**Problem details:** For this listing, the lines between the one holding "frob_inner A A." and the one holding "X Y^T - Xs Ys^T", inclusive, must be set down exactly.

• • • • •

(* Let $\bm{X}\in\mathbb{R}^{n_1\times r}$, $\bm{Y}\in\mathbb{R}^{n_2\times r}$, and let $\bm{X}_\star,\bm{Y}_\star$, $\bm{M}_\star=\bm{X}_\star\bm{Y}_\star^\top$ be as in the context. Suppose that $\bm{I}_r$ is a minimizer of $\|\bm{X}\bm{P}-\bm{X}_\star\|_{\mathrm{F}}^2+\|\bm{Y}\bm{P}^{-\top}-\bm{Y}_\star\|_{\mathrm{F}}^2$ over invertible $\bm{P}\in\mathbb{R}^{r\times r}$. Then \[ \big\langle\bm{X}-\bm{X}_\star,(\bm{X}\bm{Y}^\top-\bm{M}_\star)\bm{Y}\big\rangle\ge\|\bm{Y}(\bm{X}-\bm{X}_\star)^\top\|_{\mathrm{F}}^2-\frac14\|\bm{X}-\bm{X}_\star\|_{\mathrm{F}}^4, \] and \[ \big\langle\bm{Y}-\bm{Y}_\star,(\bm{X}\bm{Y}^\top-\bm{M}_\star)^\top\bm{X}\big\rangle\ge\|\bm{X}(\bm{Y}-\bm{Y}_\star)^\top\|_{\mathrm{F}}^2-\frac14\|\bm{Y}-\bm{Y}_\star\|_{\mathrm{F}}^4. \]
   Context: $\bm{M}_\star\in\mathbb{R}^{n_1\times n_2}$ has rank $r$ and compact SVD $\bm{M}_\star=\bm{U}_\star\bm{\Sigma}_\star\bm{V}_\star^\top$; $\bm{X}_\star=\bm{U}_\star\bm{\Sigma}_\star^{1/2}$, $\bm{Y}_\star=\bm{V}_\star\bm{\Sigma}_\star^{1/2}$, so $\bm{M}_\star=\bm{X}_\star\bm{Y}_\star^\top$. $\langle\bm{A},\bm{B}\rangle=\mathrm{Tr}(\bm{B}^\top\bm{A})$ and $\bm{P}^{-\top}=(\bm{P}^{-1})^\top$. *)

From mathcomp Require Import all_boot all_order all_algebra.
Set Implicit Arguments. Unset Strict Implicit. Unset Printing Implicit Defensive.
Import Order.TTheory GRing.Theory Num.Theory.
Local Open Scope ring_scope.

Definition frob_inner {R : comNzRingType} {m n : nat} (A B : 'M[R]_(m, n)) : R :=
  \tr (B^T *m A).

Definition frob2 {R : comNzRingType} {m n : nat} (A : 'M[R]_(m, n)) : R :=
  frob_inner A A.

(* Compact SVD data: M = U diag(s) V^T with U, V having orthonormal columns,
   s positive and nonincreasing; Xs = U Sigma^{1/2}, Ys = V Sigma^{1/2}. *)
Definition sqrt_diag {R : rcfType} {r : nat} (s : 'rV[R]_r) : 'M[R]_r :=
  diag_mx (\row_i Num.sqrt (s 0 i)).

Definition compact_svd {R : rcfType} {n1 n2 r : nat} (M : 'M[R]_(n1, n2))
  (U : 'M[R]_(n1, r)) (s : 'rV[R]_r) (V : 'M[R]_(n2, r)) : Prop :=
  [/\ U^T *m U = 1%:M, V^T *m V = 1%:M,
      (forall i, 0 < s 0 i),
      (forall i j : 'I_r, (i <= j)%N -> s 0 j <= s 0 i)
    & M = U *m diag_mx s *m V^T].

Definition align_obj {R : rcfType} {n1 n2 r : nat}
  (X Xs : 'M[R]_(n1, r)) (Y Ys : 'M[R]_(n2, r)) (P : 'M[R]_r) : R :=
  frob2 (X *m P - Xs) + frob2 (Y *m (invmx P)^T - Ys).

(* Write Dx = X - Xs and Dy = Y - Ys.  Optimality of the identity along the
   curves P = I + tE, E = delta_mx i j, whose inverses I + sE are explicit,
   yields the balance condition K := X^T Dx = Dy^T Y.  The residual splits as
   X Y^T - Xs Ys^T = Dx Y^T + Xs Dy^T, and Xs^T Dx = K - Dx^T Dx, so
     <Dx, (X Y^T - Ms) Y> = |Y Dx^T|^2 + |K|^2 - <K, Dx^T Dx>
                          >= |Y Dx^T|^2 - |Dx^T Dx|^2 / 4
   by completing the square, and |Dx^T Dx| <= |Dx|^2 by Cauchy-Schwarz.  The
   second inequality is the first one for the transposed problem. *)

From mathcomp Require Import all_boot all_order all_algebra.
From mathcomp Require Import ring lra.
Import Order.TTheory GRing.Theory Num.Theory.
Local Open Scope ring_scope.

Section FrobeniusInner.
Context {R : comNzRingType}.

Lemma frob_innerC {m n} (A B : 'M[R]_(m, n)) : frob_inner A B = frob_inner B A.
Proof. by rewrite /frob_inner -mxtrace_tr trmx_mul trmxK. Qed.

Lemma frob_innerDr {m n} (A B C : 'M[R]_(m, n)) :
  frob_inner A (B + C) = frob_inner A B + frob_inner A C.
Proof. by rewrite /frob_inner linearD /= mulmxDl mxtraceD. Qed.

Lemma frob_innerBr {m n} (A B C : 'M[R]_(m, n)) :
  frob_inner A (B - C) = frob_inner A B - frob_inner A C.
Proof. by rewrite /frob_inner linearB /= mulmxBl linearB. Qed.

Lemma frob_innerZr {m n} (a : R) (A B : 'M[R]_(m, n)) :
  frob_inner A (a *: B) = a * frob_inner A B.
Proof. by rewrite /frob_inner linearZ /= -scalemxAl mxtraceZ. Qed.

Lemma frob_innerDl {m n} (A B C : 'M[R]_(m, n)) :
  frob_inner (A + B) C = frob_inner A C + frob_inner B C.
Proof. by rewrite frob_innerC frob_innerDr !(frob_innerC C). Qed.

Lemma frob_innerZl {m n} (a : R) (A B : 'M[R]_(m, n)) :
  frob_inner (a *: A) B = a * frob_inner A B.
Proof. by rewrite frob_innerC frob_innerZr frob_innerC. Qed.

Lemma frob_inner_tr {m n} (A B : 'M[R]_(m, n)) :
  frob_inner A^T B^T = frob_inner A B.
Proof. by rewrite /frob_inner trmxK mxtrace_mulC -/(frob_inner B A) frob_innerC. Qed.

Lemma frob_inner_mulmxl {m n p} (A : 'M[R]_(m, n)) (B : 'M[R]_(n, p)) C :
  frob_inner (A *m B) C = frob_inner B (A^T *m C).
Proof. by rewrite /frob_inner trmx_mul trmxK mulmxA. Qed.

Lemma frob_inner_mulmxr {m n p} (A : 'M[R]_(m, n)) (B : 'M[R]_(n, p)) C :
  frob_inner (A *m B) C = frob_inner A (C *m B^T).
Proof. by rewrite /frob_inner trmx_mul trmxK mulmxA mxtrace_mulC mulmxA. Qed.

Lemma frob_inner_delta {m n} (i : 'I_m) (j : 'I_n) (A : 'M[R]_(m, n)) :
  frob_inner (delta_mx i j) A = A i j.
Proof.
rewrite /frob_inner /mxtrace (bigD1 j) //= big1 => [|k /negPf kj].
  rewrite addr0 mxE (bigD1 i) //= big1 => [|l /negPf li].
    by rewrite !mxE !eqxx mulr1 addr0.
  by rewrite !mxE li mulr0.
by rewrite mxE big1 // => l _; rewrite !mxE kj andbF mulr0.
Qed.

Lemma frob2D {m n} (A B : 'M[R]_(m, n)) :
  frob2 (A + B) = frob2 A + frob_inner A B *+ 2 + frob2 B.
Proof.
by rewrite /frob2 frob_innerDl !frob_innerDr (frob_innerC B A) mulr2n !addrA.
Qed.

Lemma frob2Z {m n} (a : R) (A : 'M[R]_(m, n)) : frob2 (a *: A) = a ^+ 2 * frob2 A.
Proof. by rewrite /frob2 frob_innerZl frob_innerZr mulrA -expr2. Qed.

End FrobeniusInner.

Section FrobeniusNorm.
Context {R : realDomainType}.

Lemma frob_innerE {m n} (A B : 'M[R]_(m, n)) :
  frob_inner A B = \sum_i \sum_j A i j * B i j.
Proof.
rewrite /frob_inner /mxtrace exchange_big; apply: eq_bigr => j _.
by rewrite mxE; apply: eq_bigr => i _; rewrite mxE mulrC.
Qed.

Lemma frob2_ge0 {m n} (A : 'M[R]_(m, n)) : 0 <= frob2 A.
Proof.
by rewrite /frob2 frob_innerE; do 2!apply: sumr_ge0 => ? _; rewrite -expr2 sqr_ge0.
Qed.

Lemma frob2_eq0 {m n} (A : 'M[R]_(m, n)) : frob2 A = 0 -> A = 0.
Proof.
have mul_self_ge0 (x : R) : 0 <= x * x by rewrite -expr2 sqr_ge0.
rewrite /frob2 frob_innerE => A0; apply/matrixP => i j; rewrite mxE.
have Ai0 : \sum_j A i j * A i j = 0.
  by apply: (psumr_eq0P _ A0) => // k _; apply: sumr_ge0.
by apply/eqP; rewrite -[_ == 0]orbb -mulf_eq0 (psumr_eq0P _ Ai0).
Qed.

Lemma frob_inner_sqr_le {m n} (A B : 'M[R]_(m, n)) :
  frob_inner A B ^+ 2 <= frob2 A * frob2 B.
Proof.
have [->|B_neq0] := eqVneq B 0.
  by rewrite /frob2 -(scale0r 0) !frob_innerZr !mul0r expr0n mulr0.
have B_gt0 : 0 < frob2 B.
  by rewrite lt_def frob2_ge0 andbT; apply: contra_neq B_neq0; apply: frob2_eq0.
have := frob2_ge0 (frob2 B *: A + (- frob_inner A B) *: B).
rewrite frob2D !frob2Z frob_innerZl frob_innerZr.
have -> : frob2 B ^+ 2 * frob2 A + frob2 B * (- frob_inner A B * frob_inner A B) *+ 2
          + (- frob_inner A B) ^+ 2 * frob2 B
          = frob2 B * (frob2 A * frob2 B - frob_inner A B ^+ 2) by ring.
by rewrite pmulr_rge0 // subr_ge0.
Qed.

Lemma frob2_col {m n} (A : 'M[R]_(m, n)) : frob2 A = \sum_j frob2 (col j A).
Proof.
rewrite /frob2 frob_innerE exchange_big; apply: eq_bigr => j _.
by rewrite frob_innerE; apply: eq_bigr => i _; rewrite big_ord1 !mxE.
Qed.

Lemma frob2_gram_le {m n} (A : 'M[R]_(m, n)) : frob2 (A^T *m A) <= frob2 A ^+ 2.
Proof.
rewrite [frob2 A]frob2_col /frob2 frob_innerE expr2 mulr_suml.
apply: ler_sum => i _; rewrite mulr_sumr; apply: ler_sum => j _.
have -> : (A^T *m A) i j = frob_inner (col j A) (col i A).
  by rewrite /frob_inner /mxtrace big_ord1 !mxE; apply: eq_bigr => k _; rewrite !mxE.
by rewrite -expr2 mulrC frob_inner_sqr_le.
Qed.

End FrobeniusNorm.

Lemma balanced_residual_ge {R : realFieldType} {n1 n2 r}
    (X Xs : 'M[R]_(n1, r)) (Y Ys : 'M[R]_(n2, r)) :
  X^T *m (X - Xs) = (Y - Ys)^T *m Y ->
  frob2 (Y *m (X - Xs)^T) - frob2 (X - Xs) ^+ 2 / 4
    <= frob_inner (X - Xs) ((X *m Y^T - Xs *m Ys^T) *m Y).
Proof.
set Dx := X - Xs; set Dy := Y - Ys; set K := X^T *m Dx; set D := Dx^T *m Dx.
move=> balanced.
have residualE : X *m Y^T - Xs *m Ys^T = Dx *m Y^T + Xs *m Dy^T.
  by rewrite /Dx /Dy mulmxBl linearB /= mulmxBr addrA subrK.
have XsDx : Xs^T *m Dx = K - D by rewrite -mulmxBl -linearB /= subKr.
have cross : frob_inner Dx (Dx *m Y^T *m Y) = frob2 (Y *m Dx^T).
  by rewrite frob_innerC frob_inner_mulmxr -frob_inner_tr trmx_mul trmxK.
have coupling : frob_inner Dx (Xs *m Dy^T *m Y) = frob2 K - frob_inner K D.
  by rewrite frob_innerC -mulmxA frob_inner_mulmxl XsDx -balanced frob_innerBr.
rewrite residualE mulmxDl frob_innerDr cross coupling.
have := frob2_ge0 (K + (- 2^-1) *: D); rewrite frob2D frob2Z frob_innerZr mulr2n.
have := frob2_gram_le Dx; rewrite -/D.
lra.
Qed.

Section FirstOrder.
Context {R : realFieldType}.

Lemma linear_term_eq0 (x : R) (q : {poly R}) :
  (forall t, 0 <= t * x + t ^+ 2 * q.[t]) -> x = 0.
Proof.
move=> ge0; have [ub ubP] := poly_disk_bound q 1.
(* At t = -x/c, with c above |x| and the bound of q on [-1, 1], the linear term wins. *)
set c := `|x| + `|ub| + 1; set t := - x / c.
have c_gt0 : 0 < c by rewrite /c; have := normr_ge0 x; have := normr_ge0 ub; lra.
have t_le1 : `|t| <= 1.
  rewrite normrM normrN normfV (gtr0_norm c_gt0) ler_pdivrMr // mul1r.
  by rewrite /c; have := normr_ge0 ub; lra.
have qt_le : q.[t] <= `|ub|.
  exact: le_trans (ler_norm _) (le_trans (ubP _ t_le1) (ler_norm _)).
have := ge0 t.
have -> : t * x + t ^+ 2 * q.[t] = (x / c) ^+ 2 * (q.[t] - c).
  by rewrite /t; field; rewrite gt_eqF.
have w_lt0 : q.[t] - c < 0 by rewrite /c; have := normr_ge0 x; lra.
rewrite (nmulr_lge0 _ w_lt0) => y2_le0.
have : (x / c) ^+ 2 == 0 by rewrite eq_le sqr_ge0 y2_le0.
by rewrite sqrf_eq0 mulf_eq0 invr_eq0 (gt_eqF c_gt0) orbF => /eqP.
Qed.

Lemma inverse_pair_stationary (a b c d e : R) : 0 <= d ->
  (forall t s, s * (1 + e * t) = - t ->
     0 <= 2 * t * a + t ^+ 2 * b + 2 * s * c + s ^+ 2 * d) ->
  a = c.
Proof.
move=> d_ge0 ge0.
(* Multiplying the hypothesis by (1 + e t)^2 clears s and gives
   0 <= t * 2 (a - c) + t^2 q(t). *)
pose q : {poly R} := (b + d + 2 * e * (2 * a - c))%:P
  + (2 * e * (b + e * a))%:P * 'X + (e ^+ 2 * b)%:P * 'X^2.
suff : 2 * (a - c) = 0 by lra.
apply: (@linear_term_eq0 _ q) => t.
have -> : q.[t] = b + d + 2 * e * (2 * a - c) + 2 * e * (b + e * a) * t
                  + e ^+ 2 * b * t ^+ 2 by rewrite !hornerE.
rewrite [X in 0 <= X](_ : _ = (1 + e * t) ^+ 2 * (2 * t * a + t ^+ 2 * b)
                           + 2 * c * (1 + e * t) * (- t) + (- t) ^+ 2 * d); last by ring.
have [et0|et_neq0] := eqVneq (1 + e * t) 0.
  by rewrite et0 expr0n /= !(mul0r, mulr0, add0r) mulr_ge0 ?sqr_ge0.
set s := - t / (1 + e * t).
have hs : s * (1 + e * t) = - t by rewrite divfK.
rewrite -{1 2}hs.
have -> : (1 + e * t) ^+ 2 * (2 * t * a + t ^+ 2 * b)
          + 2 * c * (1 + e * t) * (s * (1 + e * t)) + (s * (1 + e * t)) ^+ 2 * d
          = (1 + e * t) ^+ 2 * (2 * t * a + t ^+ 2 * b + 2 * s * c + s ^+ 2 * d) by ring.
by rewrite mulr_ge0 ?sqr_ge0 ?ge0.
Qed.

End FirstOrder.

Section AlignmentStationarity.
Context {R : rcfType} {n1 n2 r : nat}.
Context {X Xs : 'M[R]_(n1, r)} {Y Ys : 'M[R]_(n2, r)}.
Hypothesis align_min : forall P : 'M[R]_r, P \in unitmx ->
  align_obj X Xs Y Ys 1%:M <= align_obj X Xs Y Ys P.

Lemma align_obj_inverse_pair (E : 'M[R]_r) (t s : R) :
  (1%:M + t *: E) *m (1%:M + s *: E) = 1%:M ->
  0 <= 2 * t * frob_inner (X *m E) (X - Xs) + t ^+ 2 * frob2 (X *m E)
     + 2 * s * frob_inner (Y *m E^T) (Y - Ys) + s ^+ 2 * frob2 (Y *m E^T).
Proof.
set P := 1%:M + t *: E; set Q := 1%:M + s *: E => PQ1.
have [P_unit _] := mulmx1_unit PQ1.
have invP : invmx P = Q by rewrite -[LHS]mulmx1 -PQ1 mulmxA mulVmx // mul1mx.
have := align_min _ P_unit.
rewrite /align_obj invmx1 invP /P /Q [(_ + _)^T]linearD linearZ /= !trmx1.
rewrite !mulmx1 !mulmxDr !mulmx1.
rewrite -!scalemxAr [X + _ - _]addrAC [Y + _ - _]addrAC !frob2D !frob2Z !frob_innerZr.
rewrite (frob_innerC (X - Xs)) (frob_innerC (Y - Ys)) !mulr2n.
lra.
Qed.

Lemma align_obj_stationary (E : 'M[R]_r) (e : R) : E *m E = e *: E ->
  frob_inner (X *m E) (X - Xs) = frob_inner (Y *m E^T) (Y - Ys).
Proof.
move=> EE.
apply: (inverse_pair_stationary _ (frob2 (X *m E)) _ _ e (frob2_ge0 (Y *m E^T))).
move=> t s hs; apply: align_obj_inverse_pair.
rewrite mulmxDl !mulmxDr !mul1mx mulmx1 -scalemxAl -scalemxAr EE !scalerA.
rewrite -addrA -!scalerDl.
have -> : s + (t + t * s * e) = s * (1 + e * t) + t by ring.
by rewrite hs addNr scale0r addr0.
Qed.

Lemma align_obj_balanced : X^T *m (X - Xs) = (Y - Ys)^T *m Y.
Proof.
apply/matrixP => i j.
have EE : delta_mx i j *m delta_mx i j = (i == j)%:R *: delta_mx i j :> 'M[R]_r.
  by rewrite mul_delta_mx_cond scaler_nat eq_sym.
have := align_obj_stationary _ _ EE.
rewrite !frob_inner_mulmxl trmx_delta !frob_inner_delta => ->.
by rewrite -[(Y - Ys)^T *m Y]trmxK trmx_mul trmxK [RHS]mxE.
Qed.

End AlignmentStationarity.

Lemma sqrt_diag_mul_tr {R : rcfType} {r} (s : 'rV[R]_r) :
  (forall i, 0 <= s 0 i) -> sqrt_diag s *m (sqrt_diag s)^T = diag_mx s.
Proof.
move=> s_ge0; rewrite /sqrt_diag tr_diag_mx mulmx_diag; congr diag_mx.
by apply/rowP => i; rewrite !mxE -expr2 sqr_sqrtr.
Qed.

Lemma compact_svd_factor {R : rcfType} {n1 n2 r} {M : 'M[R]_(n1, n2)}
  {U : 'M[R]_(n1, r)} {s : 'rV[R]_r} {V : 'M[R]_(n2, r)} :
  compact_svd M U s V -> M = (U *m sqrt_diag s) *m (V *m sqrt_diag s)^T.
Proof.
case=> _ _ s_gt0 _ ->; rewrite trmx_mul mulmxA -[in RHS](mulmxA U) sqrt_diag_mul_tr //.
by move=> i; apply: ltW.
Qed.

Theorem lemma3 (R : rcfType) (n1 n2 r : nat)
  (Ms : 'M[R]_(n1, n2)) (U : 'M[R]_(n1, r)) (s : 'rV[R]_r) (V : 'M[R]_(n2, r))
  (X : 'M[R]_(n1, r)) (Y : 'M[R]_(n2, r)) :
  compact_svd Ms U s V ->
  let Xs := U *m sqrt_diag s in
  let Ys := V *m sqrt_diag s in
  (forall P : 'M[R]_r, P \in unitmx ->
     align_obj X Xs Y Ys 1%:M <= align_obj X Xs Y Ys P) ->
  frob2 (Y *m (X - Xs)^T) - (frob2 (X - Xs)) ^+ 2 / 4
    <= frob_inner (X - Xs) ((X *m Y^T - Ms) *m Y)
  /\
  frob2 (X *m (Y - Ys)^T) - (frob2 (Y - Ys)) ^+ 2 / 4
    <= frob_inner (Y - Ys) ((X *m Y^T - Ms)^T *m X).
Proof.
move=> svd Xs Ys align_min.
have Ms_factor : Ms = Xs *m Ys^T := compact_svd_factor svd.
have balanced := align_obj_balanced align_min.
have balancedT : Y^T *m (Y - Ys) = (X - Xs)^T *m X.
  by rewrite -[LHS]trmxK trmx_mul trmxK -balanced trmx_mul trmxK.
have residualT : (X *m Y^T - Ms)^T = Y *m X^T - Ys *m Xs^T.
  by rewrite Ms_factor linearB /= !trmx_mul !trmxK.
split; first by rewrite Ms_factor; apply: balanced_residual_ge.
by rewrite residualT; apply: balanced_residual_ge.
Qed.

• • • • •

**Written response:**
  frob_inner A A.

(* Compact SVD data: M = U diag(s) V^T with U, V having orthonormal columns,
   s positive and nonincreasing; Xs = U Sigma^{1/2}, Ys = V Sigma^{1/2}. *)
Definition sqrt_diag {R : rcfType} {r : nat} (s : 'rV[R]_r) : 'M[R]_r :=
  diag_mx (\row_i Num.sqrt (s 0 i)).

Definition compact_svd {R : rcfType} {n1 n2 r : nat} (M : 'M[R]_(n1, n2))
  (U : 'M[R]_(n1, r)) (s : 'rV[R]_r) (V : 'M[R]_(n2, r)) : Prop :=
  [/\ U^T *m U = 1%:M, V^T *m V = 1%:M,
      (forall i, 0 < s 0 i),
      (forall i j : 'I_r, (i <= j)%N -> s 0 j <= s 0 i)
    & M = U *m diag_mx s *m V^T].

Definition align_obj {R : rcfType} {n1 n2 r : nat}
  (X Xs : 'M[R]_(n1, r)) (Y Ys : 'M[R]_(n2, r)) (P : 'M[R]_r) : R :=
  frob2 (X *m P - Xs) + frob2 (Y *m (invmx P)^T - Ys).

(* Write Dx = X - Xs and Dy = Y - Ys.  Optimality of the identity along the
   curves P = I + tE, E = delta_mx i j, whose inverses I + sE are explicit,
   yields the balance condition K := X^T Dx = Dy^T Y.  The residual splits as
   X Y^T - Xs Ys^T = Dx Y^T + Xs Dy^T, and Xs^T Dx = K - Dx^T Dx, so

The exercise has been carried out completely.